GCP Postgres is a fully managed database service that excels at managing relational data. Databricks, on the other hand, is a unified analytics service that offers effective tools for data engineering, data science, and machine learning. You can integrate data from GCP Postgres to Databricks to leverage the combined strengths of both platforms. 

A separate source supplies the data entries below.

Lemma fam_ascent a b c j n : is_ascent_seq (mkseq (fam a b c j) n).
Proof.
elim: n => [|[|n] IH] //; rewrite mkseqS is_ascent_seq_rcons -?size_eq0 ?size_mkseq //.
by rewrite IH asc_fam /fam; repeat case: ifP => ?; lia.
Qed.

Lemma fam_avoid0112 a b c j n : ~ has_subseq4 pat0112 (mkseq (fam a b c j) n).
Proof.
case/has_subseq4_mkseq=> i1 [i2 [i3 [i4 [lt12 lt23 lt34 /and3P[]]]]].
by rewrite /fam => + /eqP; repeat (case: ifP => ?; try lia).
Qed.

Lemma fam_avoid0120 a b c j n : ~ has_subseq4 pat0120 (mkseq (fam a b c j) n).
Proof.
case/has_subseq4_mkseq=> i1 [i2 [i3 [i4 [lt12 lt23 lt34 /and3P[]]]]].
by rewrite /fam => + + /eqP; repeat (case: ifP => ?; try lia).
Qed.

Lemma fam_inj n a b c j a' b' c' j' :
  a + b + c + j + 3 <= n -> a' + b' + c' + j' + 3 <= n ->
  mkseq (fam a b c j) n = mkseq (fam a' b' c' j') n -> [/\ a = a', b = b', c = c' & j = j'].
Proof.
move=> len len' eq_x.
(* Compare the words where the 1, the 2, the letter after the run and the tail begin. *)
have eq_at i : i < n -> fam a b c j i = fam a' b' c' j' i.
  by move=> lt_i; rewrite -(nth_mkseq 0 _ lt_i) eq_x nth_mkseq.
have ea : a = a'.
  by move: (eq_at a.+1) (eq_at a'.+1); rewrite /fam; repeat (case: ifP => ?; try lia).
subst a'; have eb : b = b'.
  by move: (eq_at (a + b + 2)) (eq_at (a + b' + 2)); rewrite /fam; repeat (case: ifP => ?; try lia).
subst b'; have ec : c = c'.
  move: (eq_at (a + b + c + 3)) (eq_at (a + b + c' + 3)); rewrite /fam.
  by repeat (case: ifP => ?; try lia).
subst c'; split=> //; move: (eq_at (a + b + c + j + 3)) (eq_at (a + b + c + j' + 3)).
by rewrite /fam; repeat (case: ifP => ?; try lia).
Qed.

Lemma rcons_mkseq (T : Type) (f g : nat -> T) n (v : T) :
  (forall i, i < n -> f i = g i) -> g n = v -> rcons (mkseq f n) v = mkseq g n.+1.
Proof.
move=> eq_fg <-; rewrite mkseqS; congr rcons.
by apply/eq_in_map => i; rewrite mem_iota => /andP[_]; apply: eq_fg.
Qed.

Definition fam_prefix n (x : seq nat) :=
  exists a b c j, a + b + c + j + 3 <= n /\ x = mkseq (fam a b c j) n.

Section Extension.

Variables (x : seq nat) (v : nat).
Hypotheses (x_nil : x != [::]) (asc_xv : is_ascent_seq (rcons x v))
  (no0112 : ~ has_subseq4 pat0112 (rcons x v)) (no0120 : ~ has_subseq4 pat0120 (rcons x v)).

Let v_le_asc : v <= (asc x).+1.
Proof. by move: asc_xv; rewrite is_ascent_seq_rcons // => /andP[]. Qed.

Let no_pattern_at_end P i j k : ~ has_subseq4 P (rcons x v) ->
  i < j -> j < k -> k < size x -> ~~ P (nth 0 x i) (nth 0 x j) (nth 0 x k) v.
Proof.
move=> noP ij jk kn; apply/negP => Pv; apply: noP; exists i, j, k, (size x).
have [i_n j_n] : i < size x /\ j < size x by split; lia.
by rewrite size_rcons !nth_rcons i_n j_n kn ltnn eqxx.
Qed.

Lemma binary_rcons : nth 0 x 0 = 0 -> all (fun y => y <= 1) x ->
  v <= 1 \/ fam_prefix (size x).+1 (rcons x v).
Proof.
move=> x_0 /all_nthP x_bin; case: (leqP v 1) => [|v_gt1]; [by left | right].
have q_gt0 : 0 < index 1 x by case: (x) x_nil x_0 => //= y s _ ->.
have x_q : index 1 x < size x -> nth 0 x (index 1 x) = 1 by rewrite index_mem; apply: nth_index.
have x_before_q t : t < index 1 x -> nth 0 x t != 1 by move/(before_find 0)/negbT.
move: (index 1 x) q_gt0 x_q x_before_q => q q_gt0 x_q x_before_q.
have x_zero t : t < size x -> t != q -> nth 0 x t = 0.
  move=> t_n; case: ltngtP => // [t_q | q_t] _.
    by have := x_bin 0 t t_n; have := x_before_q t t_q; lia.
  apply/eqP; apply: contraNT (no_pattern_at_end no0112 q_gt0 q_t t_n).
  by have := x_bin 0 t t_n; rewrite /pat0112 x_0 x_q; lia.
have x_eq : x = mkseq (fam q.-1 (size x - q.+1) 0 0) (size x).
  apply: (@eq_from_nth _ 0); rewrite ?size_mkseq // => t t_n; rewrite nth_mkseq //.
  have [t_q | t_q] := eqVneq t q; last by rewrite x_zero // /fam; repeat case: ifP; lia.
  by rewrite t_q x_q -?t_q // /fam; repeat case: ifP; lia.
have [q_n v_2] : q < size x /\ v = 2.
  by move: v_le_asc; rewrite {1}x_eq asc_fam; lia.
exists q.-1, (size x - q.+1), 0, 0; split; first lia.
by rewrite {1}x_eq; apply: rcons_mkseq => //; rewrite /fam; repeat case: ifP; lia.
Qed.
(* Let $r\ge 0$ and $\ell\ge 1$ be integers, let $G$ be a graph, and let $H$ be an $r$-shallow minor of $G\boxtimes K_\ell$. Then for every integer $s\ge 1$, $$\mathrm{scol}_s(H)\le \ell\,\mathrm{scol}_{2rs+2r+s}(G)\quad\text{and}\quad \mathrm{wcol}_s(H)\le \ell\,\mathrm{wcol}_{2rs+2r+s}(G).$$
   Context: Graphs are finite, simple, undirected. The strong product $G\boxtimes K_\ell$ has vertex set $V(G)\times[\ell]$ with distinct $(a,i),(b,j)$ adjacent iff $a=b$ or $ab\in E(G)$. A model of $H$ in $G'$ assigns to each $v\in V(H)$ a connected subgraph $\mu(v)$ of $G'$, pairwise vertex-disjoint, such that each edge $vw\in E(H)$ has an edge of $G'$ between $\mu(v)$ and $\mu(w)$; $H$ is an $r$-shallow minor of $G'$ if some model has all $\mu(v)$ of radius at most $r$. For a graph $G$, a total order $\preceq$ of $V(G)$, a vertex $v$ and an integer $s\ge1$: $R(G,\preceq,v,s)$ is the set of vertices $w$ for which there is a path $v=w_0,w_1,\dots,w_{s'}=w$ with $0\le s'\le s$, $w\preceq v$, and $v\prec w_i$ for all $i\in[s'-1]$; $Q(G,\preceq,v,s)$ is the set of vertices $w$ for which there is such a path with $w\preceq v$ and $w\prec w_i$ for all $i\in[s'-1]$. The $s$-strong colouring number $\mathrm{scol}_s(G)$ (resp. $s$-weak colouring number $\mathrm{wcol}_s(G)$) is the minimum over total orders $\preceq$ of $\max_v|R(G,\preceq,v,s)|$ (resp. $\max_v|Q(G,\preceq,v,s)|$). *)

From mathcomp Require Import all_boot.
Set Implicit Arguments. Unset Strict Implicit. Unset Printing Implicit Defensive.

(* A (finite, simple, undirected) graph is a finType of vertices together with
   a symmetric irreflexive boolean adjacency relation; symmetry and
   irreflexivity are assumed as hypotheses in the theorem. *)

Definition strong_prod (T : finType) (e : rel T) (l : nat) : rel (T * 'I_l) :=
  fun x y => (x != y) && ((x.1 == y.1) || e x.1 y.1).
Arguments strong_prod {T} e l.

Definition radius_le (V : finType) (e : rel V) (A : {set V}) (r : nat) : Prop :=
  exists2 c, c \in A &
    forall x, x \in A -> exists p : seq V,
      [/\ path e c p, all (fun y => y \in A) p, last c p = x & size p <= r].

Definition shallow_minor (r : nat) (U V : finType) (eH : rel U) (e : rel V) : Prop :=
  exists mu : U -> {set V},
    [/\ forall u, radius_le e (mu u) r,
        forall u w, u != w -> [disjoint mu u & mu w] &
        forall u w, eH u w -> exists2 a, a \in mu u & exists2 b, b \in mu w & e a b].

(* Total orders of V are represented by bijective ranks f : V -> 'I_#|V|,
   with w ⪯ v iff f w <= f v. *)
Definition is_order (V : finType) (f : {ffun V -> 'I_#|V|}) : bool := injectiveb f.

(* Paths v = w_0, w_1, ..., w_{s'} = w with s' <= s; p = [w_1; ...; w_{s'}],
   internal vertices are take s'.-1 p. *)
Definition Rset (V : finType) (e : rel V) (f : {ffun V -> 'I_#|V|}) (v : V) (s : nat)
  : {set V} :=
  [set w | [exists n : 'I_s.+1, [exists p : n.-tuple V,
     [&& path e v p, uniq (v :: p), last v p == w, f w <= f v &
         all (fun x => f v < f x) (take n.-1 p)]]]].

Definition Qset (V : finType) (e : rel V) (f : {ffun V -> 'I_#|V|}) (v : V) (s : nat)
  : {set V} :=
  [set w | [exists n : 'I_s.+1, [exists p : n.-tuple V,
     [&& path e v p, uniq (v :: p), last v p == w, f w <= f v &
         all (fun x => f w < f x) (take n.-1 p)]]]].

GCP Postgres supports only basic SQL queries, while Databricks enables you to perform complex SQL queries for advanced data analytics. Also, Databricks’s machine learning capabilities offer automation and real-time data processing, saving you time and resources. Thus, integrating GCP Postgres to Databricks can help you streamline your data analytics workflows. 

This blog explains two methods to integrate GCP Postgres and Databricks to transfer your relational data for effective data analysis. 

Why Integrate GCP Postgres to Databricks? 

You should integrate GCP Postgres into Databricks for the following reasons:

  • Databricks offers a one-stop solution for data engineering, data science, and business analytics capabilities that GCP Postgres does not provide.
  • Databricks has flexible scalability and adjusts according to your requirements to process large volumes of data, which is not feasible with GCP Postgres. 
  • Databricks has built-in tools that support machine learning workflows. GCP Postgres do not provide this feature.
  • Databricks easily integrates with any other database services. While GCP Postgres integrates easily with other GCP services like BigQuery, connecting it with other non-Google database services can be a bit complex. 
Solve your data replication problems with Hevo’s reliable, no-code, automated pipelines with 150+ connectors.
Get your free trial right away!

Overview of GCP Postgres

Google Cloud PostgreSQL is a database service managed fully by Cloud SQL for PostgreSQL. It enables you to administer your PostgreSQL relational databases on the Google Cloud Platform. 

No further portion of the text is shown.